Today I was reading Obie Fernandez’s blog posting which singles out Alex for his choice of Scala. I personally don’t know Obie, but I have friends who do, so I want to express that this entry is not a personal attack on Obie or an effort to slob Alex’s knob. It’s my personal opinion (subject to public scrutiny), but I’m not looking to take part in such a pissing contest which requires a high power fan to be placed in front of me.
The blog posting has a smell of BileBlog without the substance. As a person interested in this debate between Ruby and Scala, you should look at the facts and not the personal opinions being sold. Alex makes many claims about how Scala is a better fit for Twitter, which I personally agree with, but once again let’s ignore opinions and look at the facts.
Scala was designed with the mindset that Object-Oriented and Functional Programming paradigms both have a place in the world of Software Engineering. The combination of these two paradigms make Scala a ‘Scalable Language’. Let’s take a look at how Scala can scale up based upon the size of a project.
Scala can serve has a scripting language to solve rather simple tasks without a load of bloated code and unnecessary declaration of objects. This allows you to write quick scripts that clearly express the problem at hand without a load of noise. But as a project starts to grow, it’s important to be able to ’scale up’ with Object-Oriented concepts. This is done though the creation of components with a statically typed language. I can’t stress the latter of the previous sentence for large code bases. It can be argued that with proper test cases and good developers, you don’t need a statically typed language, but the world isn’t perfect.
There are many things that Scala provides outside of the two points made in the above paragraph, like interoperability between Java, Actors (which yes, is found in Ruby, ErLang, etc.) and many more items which I won’t go into here. I believe these important things were never mentioned in Obie’s argument. Instead he made personal attacks on Alex’s virtual ’star’ and doesn’t provide any reasonable arguments against using Scala.
For these reasons, I’m left to believe Obie’s post was done with intentions of going against the grain and draw attention for his own financial benefit. His company Hashrock and his books are heavily based on Rails, so naturally he feels the need to defend his source of income. Just because you’re objective for defending Ruby is financially motivated, it doesn’t mean Alex is doing the same.

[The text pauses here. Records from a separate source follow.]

Lemma wprod_simple_eq1 s : {subset s <= Delta} ->
  (forall j : 'I_(size Delta), nncomb Delta (wprod s *m Delta`_j)) -> wprod s = 1%:M.
Proof.
have [N] := ubnP (size s); elim: N s => // N IH s; case/lastP: s => // s t.
rewrite size_rcons ltnS => szs stD pos_img.
have sD : {subset s <= Delta} by move=> x xs; apply: stD; rewrite mem_rcons inE xs orbT.
have [j tj] : exists j : 'I_(size Delta), t = Delta`_j.
  by apply/mem_ord_nth/stD; rewrite mem_rcons mem_head.
have neg : nncomb Delta (- (wprod s *m Delta`_j)).
  move: (pos_img j); rewrite wprod_rcons -mulmxA -tj mul_refl_self ?mulmxN //.
  by rewrite tj root_neq0 ?simple_root.
have [s' [sz s'D Es']] := deletion sD neg.
rewrite wprod_rcons tj -Es'; apply: IH => // [|i]; first by apply: ltn_trans szs; rewrite -sz.
by rewrite Es' -tj -wprod_rcons.
Qed.

Section Longest.
Variable w0 : 'M[R]_n.
Hypothesis w0L : longest Pi Delta w0.

Lemma longest_simple_neg (j : 'I_(size Delta)) : nncomb Delta (- (w0 *m Delta`_j)).
Proof.
have [w0W w0_max] := w0L.
have w0jP : w0 *m Delta`_j \in Pi by rewrite weyl_root ?simple_root.
case: (root_sign w0jP) => // w0j_pos; exfalso.
have [s0 s0D Es0] := weyl_wprod_simple w0W.
suff no_word k : ~ simple_word Delta w0 k by apply: (no_word (size s0)); exists s0.
(* From a word of length k for w0, maximality gives a word of length <= k for
   x = w0 s_j; as x alpha_j < 0, deletion turns it into a shorter word for w0. *)
elim/ltn_ind: k => k IH [t [szt tD Et]].
set x := w0 *m refl Delta`_j.
have xW : in_weyl Pi x.
  by apply: weylM => //; rewrite -[refl _]mulmx1; apply/weylS/weyl1/simple_root.
have [k' le_k'k [t' [szt' t'D Et']]] := w0_max x xW k (ex_intro _ t (And3 szt tD Et)).
have neg : nncomb Delta (- (wprod t' *m Delta`_j)).
  by rewrite /wprod -Et' /x -mulmxA mul_refl_self ?root_neq0 ?simple_root // mulmxN opprK.
have [s' [sz' s'D Es']] := deletion t'D neg.
apply: (IH (size s')); first by rewrite -ltnS sz' szt' ltnS.
exists s'; split => //; rewrite -/(wprod s') Es' /wprod -Et' /x -mulmxA.
by rewrite refl_refl ?mulmx1 ?root_neq0 ?simple_root.
Qed.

My sole intention was to demonstrate that Alex is speaking out of both sides of his mouth. On one side he’s dissing Ruby and Rails at every opportunity, including public talks where he can claim that irresponsible journalism twisted his words. On the other side, he’s saying “Can’t we all get along?”
No, when you unfairly criticize Ruby and Rails and get the idiot masses in a lather about it then those of us that dare, especially those that are financially motivated need to step up and balance out the the discussion.
Hi Obie,
I would feel for you, except you guys used exactly the same arguments and techniques against Java back in the day (rails is sooo much more productive, rewriting a java app in rails took just 5 days, oh and there was this bit too http://www.jroller.com/obie/entry/top_10_reasons_why_java )
I’m not looking for sympathy or support or anything at all except maybe an acknowledgment from Alex that it was their crappy Ruby code that cause them problems and not the Ruby platform.
Overall, it’s just a game and I love playing it.
Cheers,
Obie
Obie I respect your honesty. Most people wouldn’t openly say the things you’ve said or react the way you’ve reacted thus far.
My only complaint is we (Software Engineers) are becoming that of which we hate. People who push solutions for the sole purpose of financial gains, regardless if it’s a good fit.
The Ruby community, like any other, is no different when it comes to defending their language. The Java community never openly admits they have an addiction to writing frameworks or embraces a million APIs or half baked JSRs. For this very reason, I commend Alex for making his choice and being vocal about it. I know he’s received a lot of praise as well as backlash, but in the end I think he’s made good choice. To your point Obie, there are cases in which he down talks Ruby i.e., “fine for people clicking around Web pages”, but that’s not a very strong argument.
There’s nothing wrong with challenging another’s opinion. I think it’s something that should be done more frequently vs. having people blindly accepting and following what someone says.
Richard L. Burton III
http://twitter.com/rburton
Obie,
Usually you use two arguments:
- they are sloppy ruby programmers and you base this on their remark on kind_of? usage. I think this can easily backfire considering they have the biggest rails installation and you did not even see their code base. So why are you so sure they are that bad? Have you ever dealt with similar traffic or a big project like theirs before? If not, I would rather believe them than you.
- they should have used Jruby
Except when they make their decision in early 2008 jruby was much slower than now.